Variational dynamic interpolation for kinematic systems on trivial principal bundles

TL;DR

This paper develops a variational approach to generate smooth trajectories for locomotion systems on trivial principal bundles, incorporating constraints and symmetries, demonstrated on a microswimming mechanism.

Contribution

It introduces a novel variational interpolation method on trivial principal bundles that accounts for nonholonomic constraints and group symmetries.

Findings

Successfully generates trajectories passing through specified points.

Applies the method to a microswimming mechanism, demonstrating practical utility.
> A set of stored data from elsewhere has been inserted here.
(* Let $s > 3/2$ be real. For $1/3 \le A \le 1$ define \[ L(A;s) = \sum_{\substack{i,j,k\in\mathbb{Z}\\ (i,j,k)\neq(0,0,0)}} \left(\frac{A+1}{A(i+j)^2+(j+k)^2+(i+k)^2}\right)^s . \] Then \[ \frac{\partial}{\partial A} L(A;s)\Big|_{A=1/2} = 0 \qquad\text{and}\qquad \frac{\partial^2}{\partial A^2} L(A;s)\Big|_{A=1/2} > 0 . \]
   Context: The function $L(A;s)$ is the Epstein zeta function of the normalised cuboidal lattice. For $u,v>0$ with $A=u^2/v^2$, the cuboidal lattice is generated by $(u,v,0)$, $(u,0,v)$, $(0,v,v)$. For $1/3\le A\le 1$ it is scaled so that its minimum nonzero squared norm is $1$, i.e. $v = 1/\sqrt{A+1}$. Its quadratic form is then $g(A;i,j,k) = \frac{1}{A+1}\bigl(A(i+j)^2+(j+k)^2+(i+k)^2\bigr)$, and the series defining $L(A;s)$ converges for $s>3/2$. The value $A=1/2$ corresponds to the body-centred cubic lattice, and $A=1$ to the face-centred cubic lattice. *)

From Stdlib Require Import Reals ZArith List.
From Coquelicot Require Import Coquelicot.
Open Scope R_scope.

Definition Qform (A : R) (i j k : Z) : R :=
  A * (IZR (i + j))^2 + (IZR (j + k))^2 + (IZR (i + k))^2.

(* The summand ((A+1)/Q(i,j,k))^s; zero at the origin (excluded from the sum). *)
Definition term (A s : R) (i j k : Z) : R :=
  if (Z.eqb i 0 && Z.eqb j 0 && Z.eqb k 0)%bool then 0
  else Rpower ((A + 1) / Qform A i j k) s.

Definition zrange (N : nat) : list Z :=
  map (fun n => (Z.of_nat n - Z.of_nat N)%Z) (seq 0 (2 * N + 1)).

Definition sumZ (l : list Z) (f : Z -> R) : R :=
  fold_right (fun z acc => f z + acc) 0 l.

Definition box_sum (A s : R) (N : nat) : R :=
  sumZ (zrange N) (fun i => sumZ (zrange N) (fun j => sumZ (zrange N)
    (fun k => term A s i j k))).

(* L(A;s): the sum over Z^3 \ {0}; since all terms are nonnegative (A > 0),
   the unordered sum equals the limit of the box partial sums. *)
Definition L (A s : R) : R := real (Lim_seq (box_sum A s)).

(* For [2/5 <= A <= 3/5] each coordinate [c] of a nonzero lattice point satisfies
   [(1 + |c|)^2 <= 9 Q], so the terms of [L] and of its first two [A]-derivatives are dominated
   by [C ((1+|i|) (1+|j|) (1+|k|))^(-2s/3)], which is summable precisely because [s > 3/2].
   The box partial sums then converge uniformly with an explicit rate, and [L] can be
   differentiated twice term by term.
   At [A = 1/2] the form [Q] is invariant under [(i,j,k) -> (i+k, j+k, -k)] and
   [(i,j,k) -> (i, -j, j+k)], which move the weight [(i+j)^2] of [A] to [(i+j+2k)^2] and
   [(i-j)^2]. These three weights add up to [2 Q], so [dL/dA] is a sum of differences along
   orbits and vanishes, and [d^2L/dA^2] becomes [s^2 + s] times a sum of nonnegative terms,
   one of which is positive. *)

From Stdlib Require Import Reals ZArith List Lra Lia.
From Coquelicot Require Import Coquelicot.
Open Scope R_scope.

(** * Finite sums over integer ranges *)

Lemma sumZ_cons z l f : sumZ (z :: l) f = f z + sumZ l f.
Proof. reflexivity. Qed.

Lemma sumZ_app l1 l2 f : sumZ (l1 ++ l2) f = sumZ l1 f + sumZ l2 f.
Proof.
  induction l1 as [|z l IH]; simpl app; [simpl; ring | rewrite !sumZ_cons, IH; ring].
Qed.

Lemma sumZ_ext_in l f g : (forall z, In z l -> f z = g z) -> sumZ l f = sumZ l g.
Proof.
  induction l as [|z l IH]; intro H; [reflexivity|].
  rewrite !sumZ_cons, H by now left. f_equal. apply IH. intros; apply H; now right.
Qed.

Lemma sumZ_ext l f g : (forall z, f z = g z) -> sumZ l f = sumZ l g.
Proof. intro H; apply sumZ_ext_in; auto. Qed.

Lemma sumZ_0 l : sumZ l (fun _ => 0) = 0.
Proof. induction l; [simpl; ring | rewrite !sumZ_cons, IHl; ring]. Qed.

Lemma sumZ_plus l f g : sumZ l (fun z => f z + g z) = sumZ l f + sumZ l g.
Proof. induction l; [simpl; ring | rewrite !sumZ_cons, IHl; ring]. Qed.

Lemma sumZ_minus l f g : sumZ l (fun z => f z - g z) = sumZ l f - sumZ l g.
Proof. induction l; [simpl; ring | rewrite !sumZ_cons, IHl; ring]. Qed.

Lemma sumZ_scal l c f : sumZ l (fun z => c * f z) = c * sumZ l f.
Proof. induction l; [simpl; ring | rewrite !sumZ_cons, IHl; ring]. Qed.

Lemma sumZ_scal_r l c f : sumZ l (fun z => f z * c) = sumZ l f * c.
Proof. induction l; [simpl; ring | rewrite !sumZ_cons, IHl; ring]. Qed.

Lemma sumZ_le l f g : (forall z, f z <= g z) -> sumZ l f <= sumZ l g.
Proof.
  intro H; induction l as [|z l IH]; [simpl; lra|].
  rewrite !sumZ_cons. specialize (H z). lra.
Qed.

Lemma sumZ_nonneg l f : (forall z, 0 <= f z) -> 0 <= sumZ l f.
Proof. intro H; rewrite <- (sumZ_0 l); now apply sumZ_le. Qed.

Lemma sumZ_abs l f : Rabs (sumZ l f) <= sumZ l (fun z => Rabs (f z)).
Proof.
  induction l as [|z l IH]; [simpl; rewrite Rabs_R0; lra|].
  rewrite !sumZ_cons. eapply Rle_trans; [apply Rabs_triang | lra].
Qed.

Lemma sumZ_ge_term l f z0 : (forall z, 0 <= f z) -> In z0 l -> f z0 <= sumZ l f.
Proof.
  intro H; induction l as [|z l IH]; [intros []|]; intros [<- | Hin]; rewrite sumZ_cons.
  - pose proof (sumZ_nonneg l f H). lra.
  - pose proof (IH Hin). pose proof (H z). lra.
Qed.

Lemma sumZ_swap l1 l2 (F : Z -> Z -> R) :
  sumZ l1 (fun i => sumZ l2 (fun j => F i j)) = sumZ l2 (fun j => sumZ l1 (fun i => F i j)).
Proof.
  induction l1 as [|i l1 IH].
  - symmetry; apply sumZ_0.
  - rewrite sumZ_cons, IH, <- sumZ_plus. reflexivity.
Qed.

Lemma sumZ_derive l (F : R -> Z -> R) (F' : Z -> R) x :
  (forall z, is_derive (fun A => F A z) x (F' z)) ->
  is_derive (fun A => sumZ l (F A)) x (sumZ l F').
Proof.
  intro H; induction l as [|z l IH]; simpl.
  - apply (is_derive_const (K := R_AbsRing) (V := R_NormedModule)).
  - apply (is_derive_plus (fun A => F A z)); auto.
Qed.

Lemma zrange_S N :
  zrange (S N) = (- Z.of_nat (S N))%Z :: zrange N ++ Z.of_nat (S N) :: nil.
Proof.
  unfold zrange. replace (2 * S N + 1)%nat with (S (S (2 * N + 1))) by lia.
  rewrite seq_S. cbn [seq]. rewrite <- seq_shift. cbn [map app].
  rewrite map_app, map_map. cbn [map].
  replace (Z.of_nat 0 - Z.of_nat (S N))%Z with (- Z.of_nat (S N))%Z by lia.
  replace (Z.of_nat (0 + S (2 * N + 1)) - Z.of_nat (S N))%Z with (Z.of_nat (S N)) by lia.
  f_equal. f_equal. apply map_ext; intro; lia.
Qed.

Lemma in_zrange N z : In z (zrange N) <-> (Z.abs z <= Z.of_nat N)%Z.
Proof.
  unfold zrange. rewrite in_map_iff. split.
  - intros (n & <- & Hn). apply in_seq in Hn. lia.
  - intro H. exists (Z.to_nat (z + Z.of_nat N)). split; [lia | apply in_seq; lia].
Qed.

Lemma sumZ_zrange_S N f :
  sumZ (zrange (S N)) f = sumZ (zrange N) f + f (Z.of_nat (S N)) + f (- Z.of_nat (S N))%Z.
Proof. rewrite zrange_S, sumZ_cons, sumZ_app, sumZ_cons. simpl. ring. Qed.

Lemma sumZ_zrange_opp N f : sumZ (zrange N) (fun z => f (- z)%Z) = sumZ (zrange N) f.
Proof.
  induction N; [reflexivity|].
  rewrite !sumZ_zrange_S, IHN, Z.opp_involutive. ring.
Qed.

Definition supportedZ (K : nat) (f : Z -> R) : Prop :=
  forall z, (Z.of_nat K < Z.abs z)%Z -> f z = 0.

Lemma sumZ_zrange_supported K N f :
  supportedZ K f -> (K <= N)%nat -> sumZ (zrange N) f = sumZ (zrange K) f.
Proof.
  intros Hf; induction 1; [reflexivity|].
  rewrite sumZ_zrange_S, IHle, !Hf by lia. ring.
Qed.

Lemma sumZ_zrange_shift1 N f :
  sumZ (zrange N) (fun z => f (z + 1)%Z)
  = sumZ (zrange N) f - f (- Z.of_nat N)%Z + f (Z.of_nat N + 1)%Z.
Proof.
  induction N; [simpl; ring|].
  rewrite !sumZ_zrange_S, IHN.
  replace (- Z.of_nat (S N) + 1)%Z with (- Z.of_nat N)%Z by lia.
  replace (Z.of_nat N + 1)%Z with (Z.of_nat (S N)) by lia. ring.
Qed.

Lemma sumZ_zrange_shift_nat K N c f :
  supportedZ K f -> (K + c <= N)%nat ->
  sumZ (zrange N) (fun z => f (z + Z.of_nat c)%Z) = sumZ (zrange N) f.
Proof.
  revert f; induction c as [|c IH]; intros f Hf Hc.
  - apply sumZ_ext; intro z; f_equal; lia.
  - rewrite (sumZ_ext _ _ (fun z => f (z + 1 + Z.of_nat c)%Z)) by (intro; f_equal; lia).
    rewrite (sumZ_zrange_shift1 N (fun w => f (w + Z.of_nat c)%Z)), IH by (auto; lia).
    rewrite !Hf by lia. ring.
Qed.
Provides explicit formulas for the Riemannian connection on trivial bundles.

Abstract

This article presents the dynamic interpolation problem for locomotion systems evolving on a trivial principal bundle $Q$. Given an ordered set of points in $Q$, we wish to generate a trajectory which passes through these points by synthesizing suitable controls. The global product structure of the trivial bundle is used to obtain an induced Riemannian product metric on $Q$. The squared $L^2-$norm of the covariant acceleration is considered as the cost function, and its first order variations are taken for generating the trajectories. The nonholonomic constraint is enforced through the local form of the principal connection and the group symmetry is employed for reduction. The explicit form of the Riemannian connection for the trivial bundle is employed to arrive at the extremal of the cost function. The result is applied to generate a trajectory for the generalized Purcell's swimmer - a low Reynolds number microswimming mechanism.